The Trust admits that the Plan is designed to provide benefits upon the retirement of any Participant as one of several possible types of termination under § 1.16 of the Plan. The ability to pay retirement benefits is clearly one of the reasons for adoption of the Plan. Moreover, like the defendant, we do not think it is a coincidence that the Plan was adopted only after the Employer terminated its previously-existing pension plan. In fact, the Employer concedes that the organizational documents for the Trust Agreement under consideration here are practically the same as those employed in its Restated Money Purchase Pension Plan. Additionally, it is indisputable that, in its operation, the Plan provided benefits upon the retirement of Ms. Gertrude Goodwine on December 31, 1984. The payments to Ms. Goodwine were necessitated by, and contingent upon, her retirement and were also predicated on her salary and length of service.
2. The Plan Does Not Provide “Other Benefits” Under Treas.Reg. § 1.501(c)(9)-3(d).
In addition to its failure to fall within the purview of the “other benefits” examples as described in Treas.Reg. § 1.501(c)(9)-3(e), we hold that the Trust has also failed to satisfy the descriptive elements of “other benefits” within the general meaning of Treas.Reg. § 1.501(c)(9)-3(d), see supra. “Other benefits” under that subsection are specifically delineated as those which are similar to life, sick, or accident benefits that are designed to safeguard or improve health or protect against a contingency that interrupts or impairs earning power. Treas. Reg. § 1.501(c)(9)-3(d)(l) and (2). Retirement benefits, even those paid under the guise, as here, of a severance pay plan, do not satisfy this definition. This is so because retirement is a planned occurrence, regardless of whether it is mandatory or voluntary. Also, retirement benefits are not directly designed to safeguard or improve health and, thus, do not have as their critical focus the protection against unknown or unplanned events. This is so in contra distinction to the objectives of a welfare benefit plan. Consistent therewith, we hold that the related severance payments actually disbursed here were not contingent upon unanticipated occurrences. As such, the provision of these retirement benefits are not designed to insulate members against an unanticipated interruption or impairment of earning power as contemplated by Treas.Reg. § 1.501(c)(9)-3(d).

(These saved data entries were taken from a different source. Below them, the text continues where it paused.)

(* Let $G_1$ and $G_2$ be bi-fuzzy automata with event sets $\hat\Sigma_1,\hat\Sigma_2$ over crisp state sets of sizes $m$ and $n$, and let $G_1\|G_2$ be their parallel composition. Then for every $s\in(\hat\Sigma_1\cup\hat\Sigma_2)^*$, $$L_{G_1\|G_2}(s)=L_{G_1}(s)\sqcap L_{G_2}(s),$$ where $L_{G_i}(s)$ is computed by letting each event not in $\hat\Sigma_i$ act in $G_i$ as the identity matrix $I_i$.
   Context: $NCFD$ is the set of normal convex type-1 fuzzy sets $\mu:[0,1]\to[0,1]$ ($\max_u\mu(u)=1$, and $\mu(u_j)\ge\min\{\mu(u_i),\mu(u_k)\}$ for $u_i\le u_j\le u_k$); $a/u_0$ denotes the fuzzy set with value $a$ at $u_0$ and $0$ elsewhere. Operations: $(\mu_1\sqcup\mu_2)(v)=\sup\{\min(\mu_1(u),\mu_2(w)):\max(u,w)=v\}$, $(\mu_1\sqcap\mu_2)(v)=\sup\{\min(\mu_1(u),\mu_2(w)):\min(u,w)=v\}$. Matrix composition: $(R\odot S)(x,z)=\bigsqcup_y[R(x,y)\sqcap S(y,z)]$. Bi-fuzzy tensor: for $\hat A=[\tilde a_{ij}]$ ($k\times m$), $\hat B$ ($p\times s$), $\hat A\otimes\hat B$ is the $kp\times ms$ block matrix with $(i,j)$ block $[\tilde a_{ij}\sqcap\tilde b_{pq}]_{p,q}$. A bi-fuzzy automaton $G=(\hat X,\hat\Sigma,\delta,\hat x_0,\hat x_m)$ over a crisp state set of size $n$ has bi-fuzzy states = row vectors in $NCFD^n$, events $\sigma\in\hat\Sigma$ given by $n\times n$ matrices over $NCFD$, $\delta(\hat x,\sigma)=\hat x\odot\sigma$, initial and final bi-fuzzy states $\hat x_0,\hat x_m\in NCFD^n$. Its generated language $L_G:\hat\Sigma^*\to NCFD$ is $L_G(\epsilon)=1/1$ and $L_G(\sigma_1\cdots\sigma_k)=\hat x_0\odot\sigma_1\odot\cdots\odot\sigma_k\odot A_n^T$, with $A_n=[1/1,\dots,1/1]$ of length $n$. The unit matrix $I_n$ has $1/1$ on the diagonal and $1/0$ elsewhere. For $G_i=(\hat X_i,\hat\Sigma_i,\delta_i,\hat x_{0i},\hat x_{mi})$, $i=1,2$, with state sets of sizes $m$ and $n$, the parallel composition $G_1\|G_2$ is the bi-fuzzy automaton over a crisp state set of size $mn$ with initial state $\hat x_{01}\otimes\hat x_{02}$, final state $\hat x_{m1}\otimes\hat x_{m2}$, event set $\hat\Sigma_1\cup\hat\Sigma_2$, transitions $(\hat x_1\otimes\hat x_2,\sigma)\mapsto(\hat x_1\otimes\hat x_2)\odot\sigma$, where the matrix of $\sigma$ is $\sigma_1\otimes\sigma_2$ if $\sigma\in\hat\Sigma_1\cap\hat\Sigma_2$ ($\sigma_i$ its matrix in $G_i$), $\sigma_1\otimes I_n$ if $\sigma\in\hat\Sigma_1\setminus\hat\Sigma_2$, and $I_m\otimes\sigma_2$ if $\sigma\in\hat\Sigma_2\setminus\hat\Sigma_1$. *)

From HB Require Import structures.
From mathcomp Require Import all_boot all_order all_algebra.
From mathcomp Require Import classical_sets reals.
Set Implicit Arguments. Unset Strict Implicit. Unset Printing Implicit Defensive.
Import Order.TTheory GRing.Theory Num.Theory.
Local Open Scope ring_scope.
Local Open Scope classical_set_scope.

Section BiFuzzy.
Variable R : realType.

(* type-1 fuzzy sets over the unit interval: functions [0,1] -> [0,1];
   represented as functions R -> R, only their values on [0,1] matter. *)
Definition fuzzy := R -> R.

Definition in01 (u : R) : Prop := 0 <= u <= 1.

Definition NCFD (mu : fuzzy) : Prop :=
  (forall u, in01 u -> 0 <= mu u <= 1) /\
  (exists2 u, in01 u & mu u = 1) /\
  (forall ui uj uk, in01 ui -> in01 uk -> ui <= uj <= uk ->
       Num.min (mu ui) (mu uk) <= mu uj).

(* a / u0 : value a at u0, 0 elsewhere *)
Definition fsingle (a u0 : R) : fuzzy := fun u => if u == u0 then a else 0.
Lemma holder_on_Delta_bounded {a K : R} {f : R -> R} :
  0 < a -> holder_on Delta a f K ->
  exists X : R, forall x, Delta x -> `|f x| <= X.
Proof.
move=> a_gt0 Hf; have D0 : Delta (0 : R) by rewrite /Delta /=; lra.
exists (`|f 0| + `|K|) => x Dx.
rewrite -[f x](subrK (f 0)) addrC (le_trans (ler_normD _ _)) // lerD2l.
apply: le_trans (Hf x 0 Dx D0) _; rewrite subr0.
apply: le_trans (ler_wpM2r (powR_ge0 _ _) (ler_norm K)) _.
rewrite -[leRHS]mulr1 ler_wpM2l //.
apply: (@le_trans _ _ (1 `^ a)); last by rewrite powR1.
apply: (ge0_ler_powR (ltW a_gt0)); rewrite ?nnegrE //.
by move: Dx; rewrite /Delta /= => /andP[x0 x1]; rewrite ger0_norm.
Qed.

End RealAnalysis.

Section RowVectorNorms.
Context {R : realType} {N : nat}.
Implicit Types v : 'rV[R]_N.

Lemma ler_entry_norm v k : `|v ord0 k| <= `|v|.
Proof.
rewrite [leRHS]/Num.Def.normr /= mx_normrE.
exact: le_trans _ (le_bigmax _ _ (ord0, k)).
Qed.

Lemma norm_le_entries v (c : R) :
  0 <= c -> (forall k, `|v ord0 k| <= c) -> `|v| <= c.
Proof.
move=> c0 vc; rewrite [leLHS]/Num.Def.normr /= mx_normrE.
by rewrite (bigmax_le _ c0) //= => -[i j] _; rewrite (ord1 i).
Qed.

Lemma norm_le_enorm v : `|v| <= enorm v.
Proof.
apply: norm_le_entries => [|k]; first exact: sqrtr_ge0.
rewrite /enorm -sqrtr_sqr ler_sqrt ?sumr_ge0 // => [|i _]; last exact: sqr_ge0.
by rewrite (bigD1 k) //= lerDl sumr_ge0 // => i _; exact: sqr_ge0.
Qed.

Lemma enorm_le_norm v : enorm v <= Num.sqrt N%:R * `|v|.
Proof.
rewrite /enorm -[`|v|]normr_id -sqrtr_sqr -sqrtrM ?ler0n //.
rewrite ler_sqrt ?mulr_ge0 ?ler0n ?sqr_ge0 //.
rewrite mulr_natl -[X in _ *+ X]card_ord -sumr_const ler_sum // => k _.
rewrite -real_normK ?num_real // lerXn2r ?nnegrE ?ler_entry_norm //.
Qed.

End RowVectorNorms.

Section SliceDerivative.
Context {R : realType} {V W : normedModType R}.

Lemma derive_slice {f : R * V -> W} {c : R} {y : V} :
  differentiable f (c, y) ->
  derivable (fun t => f (t, y)) c 1 /\
  'D_1 (fun t => f (t, y)) c = 'd f (c, y) (1, 0).
Proof.
move=> df; set g := fun t => f (t, y).
have slice_quotient : (fun h : R => h^-1 *: (g (h *: 1 + c) - g c)) =
    (fun h : R => h^-1 *: (f (h *: ((1, 0) : R * V) + (c, y)) - f (c, y))).
  apply: funext => h; congr (_ *: (f _ - _)).
  by apply/pair_equal_spec; split; rewrite /= ?scaler0 ?add0r.
split; last by rewrite /derive slice_quotient -deriveE.
by have := @diff_derivable _ _ _ f _ (1, 0) df; rewrite /derivable slice_quotient.
Qed.
(* Let $M\subset\mathbb{R}^{2d}$ satisfy the standing assumptions below, let $V$ be the vector field defined below and $\varphi_t$ its flow. There exist constants $\tilde C,\tilde\delta>0$ such that for all $x$ with $|x|\ge 1/\tilde\delta$, $$|\varphi_1(x)-x-V(x)|\le\frac{\tilde C}{|x|}.$$
   Context: $\mathbb{R}^{2d}$ carries its standard inner product, norm $|\cdot|$, complex structure $J$ ($J^2=-I$, orthogonal) and symplectic form $\omega(u,v)=\langle Ju,v\rangle$. Standing assumptions: $M$ is a smooth closed hypersurface bounding a strictly convex domain containing the origin in its interior, and is a level set of a smooth function with positive definite Hessian. Let $G:M\to S^{2d-1}$ be the outward unit normal Gauss map (a diffeomorphism). For $x\neq0$ set $n_\pm(x)=G^{-1}(\mp Jx/|x|)$ and $V(x)=2(n_+(x)-n_-(x))$, a smooth vector field on $\mathbb{R}^{2d}\setminus\{0\}$, homogeneous of degree zero ($V(cx)=V(x)$ for $c>0$). It equals $-2X_H$, where $X_H=J\nabla H$ and $H$ is the positively $1$-homogeneous function whose unit level set is the symplectic polar of the symmetrization of $M$; in particular its flow $\varphi_t$ is defined for all $t$. *)

From HB Require Import structures.
From mathcomp Require Import all_boot all_order all_algebra.
From mathcomp Require Import all_classical all_reals all_analysis.
Set Implicit Arguments. Unset Strict Implicit. Unset Printing Implicit Defensive.
Import Order.TTheory GRing.Theory Num.Theory.
Import numFieldNormedType.Exports.
Local Open Scope classical_set_scope.
Local Open Scope ring_scope.

Section Defs.
Variables (R : realType) (d : nat).

(* R^{2d} as row vectors; coordinates (x_1..x_d, y_1..y_d). *)
Notation V := 'rV[R]_(d + d).

Definition edot (u v : V) : R := \sum_i u 0 i * v 0 i.
Definition enorm (v : V) : R := Num.sqrt (edot v v).

(* standard complex structure: J(x, y) = (-y, x), i.e. multiplication by i on C^d *)
Definition Jstd (v : V) : V := row_mx (- rsubmx v) (lsubmx v).

Definition ebasis (i : 'I_(d + d)) : V := delta_mx 0 i.

(* C^infty: every iterated directional derivative exists and is
   (Frechet) differentiable everywhere *)
Fixpoint iter_dir (f : V -> R) (vs : seq V) : V -> R :=
  match vs with
  | [::] => f
  | v :: vs' => fun x => 'D_v (iter_dir f vs') x
  end.
Definition smooth (f : V -> R) : Prop :=
  forall (vs : seq V) (x : V), differentiable (iter_dir f vs) x.

Definition grad (f : V -> R) (x : V) : V := \row_i 'D_(ebasis i) f x.
Definition hessian (f : V -> R) (x : V) : 'M[R]_(d + d) :=
  \matrix_(i, j) 'D_(ebasis i) ('D_(ebasis j) f) x.
Definition posdef (A : 'M[R]_(d + d)) : Prop :=
  forall v : V, v != 0 -> 0 < (v *m A *m v^T) 0 0.

Definition levelset (F : V -> R) (c : R) : set V := [set x | F x = c].

Definition gauss (F : V -> R) (x : V) : V := (enorm (grad F x))^-1 *: grad F x.

Definition gauss_inv (F : V -> R) (c : R) (u : V) : V :=
  xget 0 [set p | F p = c /\ gauss F p = u].

Definition nplus F c (x : V) : V := gauss_inv F c (- ((enorm x)^-1 *: Jstd x)).
Definition nminus F c (x : V) : V := gauss_inv F c ((enorm x)^-1 *: Jstd x).
Definition Vfield F c (x : V) : V := 2%:R *: (nplus F c x - nminus F c x).

Definition is_flow (Vf : V -> V) (phi : R -> V -> V) : Prop :=
  forall x : V, x != 0 ->
    phi 0 x = x /\
    forall t : R, phi t x != 0 /\ is_derive t 1 (fun s => phi s x) (Vf (phi t x)).

End Defs.

(* Strict convexity, made uniform by compactness of M, gives a constant m > 0 with
   <grad F p, q - p> <= - m |q - p|^2 / 4 for p, q in M; with |grad F| <= L on M this
   makes the Gauss map expanding, kappa |p - q| <= |G p - G q|.  G is onto the sphere:
   at a maximiser p of <u, .> on M every descent direction w of F satisfies
   <u, w> <= 0 (otherwise one moves inside M and returns to M along J u, which is
   orthogonal to u), which forces grad F p to be a positive multiple of u.  Hence
   |V| <= 4 rho, where M lies in the rho-ball, and, as x |-> J x / |x| is
   (2 / |x|)-Lipschitz at x, |V y - V x| <= 8 |x - y| / (kappa |x|).  Up to time 1 the
   orbit of x stays in the (4 rho)-ball around x, and the mean value inequality for
   t |-> phi_t x - t V x gives the bound with C = 32 rho / kappa. *)

From HB Require Import structures.
From mathcomp Require Import all_boot all_order all_algebra.
From mathcomp Require Import all_classical all_reals all_analysis.
From mathcomp Require Import ring lra.
Import Order.TTheory GRing.Theory Num.Theory.
Import numFieldNormedType.Exports.
Local Open Scope classical_set_scope.
Local Open Scope ring_scope.
Set Implicit Arguments. Unset Strict Implicit. Unset Printing Implicit Defensive.

Section Euclidean.
Variables (R : realType) (d : nat).
Notation vec := 'rV[R]_(d + d).
Implicit Types u v w : vec.

Lemma edotC u v : edot u v = edot v u.
Proof. by apply: eq_bigr => i _; rewrite mulrC. Qed.

Lemma edotDr u v w : edot u (v + w) = edot u v + edot u w.
Proof. by rewrite /edot -big_split; apply: eq_bigr => i _; rewrite mxE mulrDr. Qed.

Lemma edotZr u v a : edot u (a *: v) = a * edot u v.
Proof. by rewrite /edot mulr_sumr; apply: eq_bigr => i _; rewrite mxE mulrCA. Qed.

Lemma edotNr u v : edot u (- v) = - edot u v.
Proof. by rewrite -scaleN1r edotZr mulN1r. Qed.

Lemma edotBr u v w : edot u (v - w) = edot u v - edot u w.
Proof. by rewrite edotDr edotNr. Qed.

Lemma edotDl u v w : edot (v + w) u = edot v u + edot w u.
Proof. by rewrite edotC edotDr !(edotC u). Qed.

Lemma edotZl u v a : edot (a *: v) u = a * edot v u.
Proof. by rewrite edotC edotZr edotC. Qed.

Lemma edotNl u v : edot (- v) u = - edot v u.
Proof. by rewrite edotC edotNr edotC. Qed.

Lemma edotBl u v w : edot (v - w) u = edot v u - edot w u.
Proof. by rewrite edotDl edotNl. Qed.

Lemma edot0r u : edot u 0 = 0.
Proof. by rewrite /edot big1 // => i _; rewrite mxE mulr0. Qed.

Lemma edot0l u : edot 0 u = 0.
Proof. by rewrite edotC edot0r. Qed.

Lemma edot_ge0 v : 0 <= edot v v.
Proof. by apply: sumr_ge0 => i _; rewrite -expr2 sqr_ge0. Qed.

Lemma edot_eq0 v : edot v v = 0 -> v = 0.
Proof.
move=> v0; apply/rowP => i; rewrite mxE; apply/eqP; rewrite -sqrf_eq0.
have /psumr_eq0P vi0 : \sum_(j < d + d) v 0 j ^+ 2 = 0.
  by rewrite -[RHS]v0; apply: eq_bigr => j _; rewrite expr2.
by rewrite vi0 // => j _; exact: sqr_ge0.
Qed.

Lemma enorm_ge0 v : 0 <= enorm v.
Proof. exact: sqrtr_ge0. Qed.

Lemma enorm_sqr v : enorm v ^+ 2 = edot v v.
Proof. by rewrite sqr_sqrtr // edot_ge0. Qed.

Lemma enorm0 : enorm (0 : vec) = 0.
Proof. by rewrite /enorm edot0r sqrtr0. Qed.

Lemma enorm_eq0 v : (enorm v == 0) = (v == 0).
Proof.
apply/eqP/eqP => [v0|->]; last exact: enorm0.
by apply: edot_eq0; rewrite -enorm_sqr v0 expr0n.
Qed.

Lemma enorm_gt0 v : v != 0 -> 0 < enorm v.
Proof. by move=> v0; rewrite lt_def enorm_ge0 enorm_eq0 v0. Qed.

Lemma enormZ a v : enorm (a *: v) = `|a| * enorm v.
Proof.
by rewrite /enorm edotZr edotZl mulrA -expr2 sqrtrM ?sqr_ge0 // sqrtr_sqr.
Qed.

Lemma enormN v : enorm (- v) = enorm v.
Proof. by rewrite -scaleN1r enormZ normrN1 mul1r. Qed.

Lemma enorm_distC u v : enorm (u - v) = enorm (v - u).
Proof. by rewrite -enormN opprB. Qed.

Lemma edot_le_enormM u v : edot u v <= enorm u * enorm v.
Proof.
have [->|u0] := eqVneq u 0; first by rewrite edot0l enorm0 mul0r.
have [->|v0] := eqVneq v 0; first by rewrite edot0r enorm0 mulr0.
set a := enorm u; set b := enorm v.
have a0 : 0 < a by exact: enorm_gt0.
have b0 : 0 < b by exact: enorm_gt0.
have := edot_ge0 (b *: u - a *: v).
rewrite edotBl !edotBr !edotZl !edotZr -!enorm_sqr -/a -/b (edotC v u) => h.
have : 0 <= 2 * (a * b) * (a * b - edot u v) by lra.
by rewrite pmulr_rge0 ?subr_ge0 // !mulr_gt0.
Qed.

Lemma ler_enormD u v : enorm (u + v) <= enorm u + enorm v.
Proof.
rewrite -ler_sqr ?nnegrE ?addr_ge0 ?enorm_ge0 //.
rewrite enorm_sqr edotDl !edotDr sqrrD !enorm_sqr (edotC v u).
have := edot_le_enormM u v; lra.
Qed.

Lemma lerB_enorm_dist u v : enorm u - enorm v <= enorm (u - v).
Proof. have := ler_enormD (u - v) v; rewrite subrK; lra. Qed.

3. The Plan Is Organized To Provide Non-Qualifying Benefits Similar To Pension Benefits Under Treas. Reg. § 1.501(c)(9)-3(f).
As previously stated, the Plan does not provide the type of qualifying “other benefits” described in either Treas.Reg. § 1.501(c)(9)-3(d) or (e). Instead, we find that the type of benefits provided at bar mirrors the non-qualifying pension benefits enumerated in Treas.Reg. § 1.501(c)(9)-3(f). Benefits that are similar to pension benefits payable at the time of voluntary or mandatory retirement are explicitly identified as examples of non-qualifying benefits. According to Treas.Reg. § 1.501(c)(9)-3(f), “a benefit will be considered similar to that provided under a pension, if it provides for deferred compensation that becomes payable by reason of the passage of time, rather than as a result of an unanticipated event” (emphasis added).
Plaintiff cites for comfort to Greensboro Pathology Associates v. United States, 698 F.2d 1196 (Fed.Cir.1982), for the proposition that it is similar to a duly-qualified welfare benefit plan according to the reasoning employed in that case. Thus, the Trust avers that — “there is no basis [for] distinguishing this case from Greensboro Pathology.” In Greensboro, the Court of Appeals for the Federal Circuit held that the educational benefit plan in issue there was “not a plan of deferred compensation but rather a welfare benefit plan under the standards of Treas.Reg. § 1.162-10.” Greensboro, 698 F.2d at 1203. Therefore, the court held that the employer contributions to the trust were properly deductible under 26 U.S.C. § 162 rather than under 26 U.S.C. § 404 as contributions to a deferred compensation plan.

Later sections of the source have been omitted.